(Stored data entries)
(* erf-type integral along the segment [0,z]:
   int_0^z e^{-s^2} ds = int_0^1 z e^{-(t z)^2} dt  (entire integrand, so path-independent). *)
Definition cint_gauss (z : C) : C :=
  RInt (V := C_R_CompleteNormedModule)
       (fun t : R => Cmult z (cexp (Copp (Cmult (Cmult (RtoC t) z) (Cmult (RtoC t) z))))) 0 1.

Definition rho1 (z : C) : C := Cmult z (cint_gauss z).

(* rho_2 is the entire function with rho_1(z) = rho_2(z^2); since rho_1 is even,
   rho_2(w) = rho_1(sqrt w) for any square root of w. *)
Definition csqrt_choice (w : C) : C :=
  epsilon (inhabits (RtoC 0)) (fun z : C => Cmult z z = w).
Definition rho2 (w : C) : C := rho1 (csqrt_choice w).

Definition rho (xi : R) (k : Z) (z : C) : C :=
  let a := Cmult (xi, IZR k) z in
  Cmult (RtoC (2 / PI))
        (Cplus (Cmult (RtoC 2) (Cmult (cexp a) (rho2 a))) (RtoC 1)).

Fixpoint sum_pos (f : Z -> C) (N : nat) : C :=
  match N with
  | O => f 0%Z
  | S n => Cplus (sum_pos f n) (f (Z.of_nat (S n)))
  end.
Fixpoint sum_neg (f : Z -> C) (M : nat) : C :=
  match M with
  | O => RtoC 0
  | S m => Cplus (sum_neg f m) (f (Z.opp (Z.of_nat (S m))))
  end.
Definition bisum (f : Z -> C) (M N : nat) : C := Cplus (sum_neg f M) (sum_pos f N).

(* Each term c_k rho_{xi,k} is dominated, uniformly on the truncated strip, by a geometric
   sequence.  The crude bound |int_0^u e^{-s^2} ds| <= |u| e^{|Re u^2|} gives
   |rho_2(w)| <= |w| e^{|Re w|}; for w = (xi + ik) z with |Im z| <= delta/2 - eps and
   |z| <= n this makes |rho_{xi,k}(z)| grow at most like (|xi| + |k|) n e^{2|xi|n}
   e^{(delta - 2 eps)|k|}.  Against |c_k| <= C e^{-delta |k|} there remains the decay
   e^{-2 eps |k|}, half of which absorbs the linear factor |k|.  So the m-th increments of
   both one-sided partial sums are bounded by A e^{-eps m} with A independent of z, and
   the partial sums converge uniformly with geometric tail bounds (Weierstrass M-test). *)
From Stdlib Require Import Reals ZArith Lra Lia Psatz ClassicalEpsilon.
From Coquelicot Require Import Coquelicot.
Open Scope R_scope.

Lemma exp_le_exp (x y : R) : x <= y -> exp x <= exp y.
Proof. intros [Hlt | ->]; [now apply Rlt_le, exp_increasing | apply Rle_refl]. Qed.

Lemma exp_mul_INR (x : R) (m : nat) : exp (x * INR m) = exp x ^ m.
Proof.
  induction m as [|m IH]; [now rewrite Rmult_0_r, exp_0|].
  rewrite S_INR, Rmult_plus_distr_l, Rmult_1_r, exp_plus, IH; simpl; ring.
Qed.

Lemma exp_mul_IZR_abs (x : R) (k : Z) : exp (x * IZR (Z.abs k)) = exp x ^ Z.abs_nat k.
Proof. now rewrite <- exp_mul_INR, INR_IZR_INZ, Nat2Z.inj_abs_nat. Qed.

Lemma mul_exp_neg_le_inv (eps m : R) : 0 < eps -> m * exp (- eps * m) <= / eps.
Proof.
  intros Heps.
  assert (Hp : 0 < exp (- eps * m)) by apply exp_pos.
  assert (Hinv : exp (- eps * m) * exp (eps * m) = 1)
    by now rewrite <- exp_plus, <- exp_0; f_equal; ring.
  pose proof (exp_ineq1_le (eps * m)).
  apply (Rmult_le_reg_l eps); [lra|]. rewrite Rinv_r by lra. nra.
Qed.

Lemma Cmult_self_surj (w : C) : exists z : C, Cmult z z = w.
Proof.
  destruct w as [a b].
  set (r := sqrt (a * a + b * b)).
  assert (Hrr : r * r = a * a + b * b) by (apply sqrt_sqrt; nra).
  assert (Hr0 : 0 <= r) by apply sqrt_pos.
  assert (Hr : Rabs a <= r) by (apply Rabs_le; split; nra).
  apply Rabs_le_between in Hr.
  set (x := sqrt ((r + a) / 2)); set (y := sqrt ((r - a) / 2)).
  assert (Hx : x * x = (r + a) / 2) by (apply sqrt_sqrt; lra).
  assert (Hy : y * y = (r - a) / 2) by (apply sqrt_sqrt; lra).
  assert (Hxy : x * y = Rabs b / 2).
  { unfold x, y; rewrite <- sqrt_mult by lra.
    replace ((r + a) / 2 * ((r - a) / 2)) with (Rabs b / 2 * (Rabs b / 2)).
    - apply sqrt_square; pose proof (Rabs_pos b); lra.
    - assert (Rabs b * Rabs b = b * b) by (rewrite <- Rabs_mult; apply Rabs_pos_eq; nra).
      nra. }
  destruct (Rle_lt_dec 0 b) as [Hb | Hb].
  - exists (x, y); unfold Cmult; simpl.
    rewrite Rabs_pos_eq in Hxy by lra; f_equal; nra.
  - exists (x, - y); unfold Cmult; simpl.
    rewrite Rabs_left in Hxy by lra; f_equal; nra.
Qed.

Lemma csqrt_choiceK (w : C) : Cmult (csqrt_choice w) (csqrt_choice w) = w.
Proof. exact (epsilon_spec _ (fun z : C => Cmult z z = w) (Cmult_self_surj w)). Qed.

Lemma Cmod_cexp (v : C) : Cmod (cexp v) = exp (Re v).
Proof.
  unfold cexp, Cmod; simpl.
  pose proof (sin2_cos2 (Im v)) as H; unfold Rsqr in H.
  set (e := exp (Re v)).
  replace (e * cos (Im v) * (e * cos (Im v) * 1) + e * sin (Im v) * (e * sin (Im v) * 1))
    with (e * e * (sin (Im v) * sin (Im v) + cos (Im v) * cos (Im v))) by ring.
  rewrite H, Rmult_1_r. apply sqrt_square, Rlt_le, exp_pos.
Qed.

Lemma Cmod_pair_le (a b : R) : Cmod (a, b) <= Rabs a + Rabs b.
Proof.
  pose proof (Rabs_pos a); pose proof (Rabs_pos b).
  unfold Cmod; simpl.
  rewrite <- (sqrt_square (Rabs a + Rabs b)) by lra.
  apply sqrt_le_1_alt.
  assert (Rabs a * Rabs a = a * a) by (rewrite <- Rabs_mult; apply Rabs_pos_eq; nra).
  assert (Rabs b * Rabs b = b * b) by (rewrite <- Rabs_mult; apply Rabs_pos_eq; nra).
  nra.
Qed.

Lemma ex_RInt_C (f : R -> C) (a b : R) :
  ex_RInt (fun t => fst (f t)) a b -> ex_RInt (fun t => snd (f t)) a b ->
  ex_RInt (V := C_R_CompleteNormedModule) f a b.
Proof.
  intros [l1 H1] [l2 H2]. exists (l1, l2).
  apply (is_RInt_ext (V := C_R_CompleteNormedModule) (fun t => (fst (f t), snd (f t)))).
  - intros t _; now destruct (f t).
  - now apply (is_RInt_fct_extend_pair (U := R_NormedModule) (V := R_NormedModule)).
Qed.

Definition gauss_integrand (u : C) (t : R) : C :=
  Cmult u (cexp (Copp (Cmult (Cmult (RtoC t) u) (Cmult (RtoC t) u)))).

Lemma ex_RInt_gauss_integrand (u : C) :
  ex_RInt (V := C_R_CompleteNormedModule) (gauss_integrand u) 0 1.
Proof.
  destruct u as [a b].
  apply ex_RInt_C; apply (ex_RInt_continuous (V := R_CompleteNormedModule));
    intros t _; apply (ex_derive_continuous (K := R_AbsRing) (V := R_NormedModule));
    unfold gauss_integrand, Cmult, cexp, Copp, RtoC, Re, Im; simpl; auto_derive; auto.
Qed.

Lemma Cmod_gauss_integrand_le (u : C) (t : R) : 0 <= t <= 1 ->
  Cmod (gauss_integrand u t) <= Cmod u * exp (Rabs (Re (Cmult u u))).
Proof.
  intros Ht. unfold gauss_integrand.
  rewrite Cmod_mult, Cmod_cexp.
  apply Rmult_le_compat_l; [apply Cmod_ge_0|]. apply exp_le_exp.
  replace (Re (Copp (Cmult (Cmult (RtoC t) u) (Cmult (RtoC t) u))))
    with (- (t * t) * Re (Cmult u u))
    by (destruct u; unfold Copp, Cmult, RtoC, Re; simpl; ring).
  set (x := Re (Cmult u u)).
  pose proof (Rle_abs (- x)); rewrite Rabs_Ropp in *.
  pose proof (Rabs_pos x). assert (0 <= t * t <= 1) by nra. nra.
Qed.

Lemma Cmod_cint_gauss_le (u : C) :
  Cmod (cint_gauss u) <= Cmod u * exp (Rabs (Re (Cmult u u))).
Proof.
  replace (Cmod u * _) with ((1 - 0) * (Cmod u * exp (Rabs (Re (Cmult u u))))) by ring.
  rewrite Cmod_norm.
  apply (norm_RInt_le_const (V := C_R_NormedModule) (gauss_integrand u) 0 1); [lra| |].
  - intros t Ht; rewrite <- Cmod_norm; now apply Cmod_gauss_integrand_le.
  - exact (RInt_correct _ _ _ (ex_RInt_gauss_integrand u)).
Qed.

◆ WHAT IS REQUIRED
What you return should be the lines from the beginning of the records through the one that contains "Lemma exp_le_exp (x", repeated exactly and with no additions.

◆ SOLUTION
(* erf-type integral along the segment [0,z]:
   int_0^z e^{-s^2} ds = int_0^1 z e^{-(t z)^2} dt  (entire integrand, so path-independent). *)
Definition cint_gauss (z : C) : C :=
  RInt (V := C_R_CompleteNormedModule)
       (fun t : R => Cmult z (cexp (Copp (Cmult (Cmult (RtoC t) z) (Cmult (RtoC t) z))))) 0 1.

Definition rho1 (z : C) : C := Cmult z (cint_gauss z).

(* rho_2 is the entire function with rho_1(z) = rho_2(z^2); since rho_1 is even,
   rho_2(w) = rho_1(sqrt w) for any square root of w. *)
Definition csqrt_choice (w : C) : C :=
  epsilon (inhabits (RtoC 0)) (fun z : C => Cmult z z = w).
Definition rho2 (w : C) : C := rho1 (csqrt_choice w).

Definition rho (xi : R) (k : Z) (z : C) : C :=
  let a := Cmult (xi, IZR k) z in
  Cmult (RtoC (2 / PI))
        (Cplus (Cmult (RtoC 2) (Cmult (cexp a) (rho2 a))) (RtoC 1)).

Fixpoint sum_pos (f : Z -> C) (N : nat) : C :=
  match N with
  | O => f 0%Z
  | S n => Cplus (sum_pos f n) (f (Z.of_nat (S n)))
  end.
Fixpoint sum_neg (f : Z -> C) (M : nat) : C :=
  match M with
  | O => RtoC 0
  | S m => Cplus (sum_neg f m) (f (Z.opp (Z.of_nat (S m))))
  end.
Definition bisum (f : Z -> C) (M N : nat) : C := Cplus (sum_neg f M) (sum_pos f N).

(* Each term c_k rho_{xi,k} is dominated, uniformly on the truncated strip, by a geometric
   sequence.  The crude bound |int_0^u e^{-s^2} ds| <= |u| e^{|Re u^2|} gives
   |rho_2(w)| <= |w| e^{|Re w|}; for w = (xi + ik) z with |Im z| <= delta/2 - eps and
   |z| <= n this makes |rho_{xi,k}(z)| grow at most like (|xi| + |k|) n e^{2|xi|n}
   e^{(delta - 2 eps)|k|}.  Against |c_k| <= C e^{-delta |k|} there remains the decay
   e^{-2 eps |k|}, half of which absorbs the linear factor |k|.  So the m-th increments of
   both one-sided partial sums are bounded by A e^{-eps m} with A independent of z, and
   the partial sums converge uniformly with geometric tail bounds (Weierstrass M-test). *)
From Stdlib Require Import Reals ZArith Lra Lia Psatz ClassicalEpsilon.
From Coquelicot Require Import Coquelicot.
Open Scope R_scope.

Lemma exp_le_exp (x y : R) : x <= y -> exp x <= exp y.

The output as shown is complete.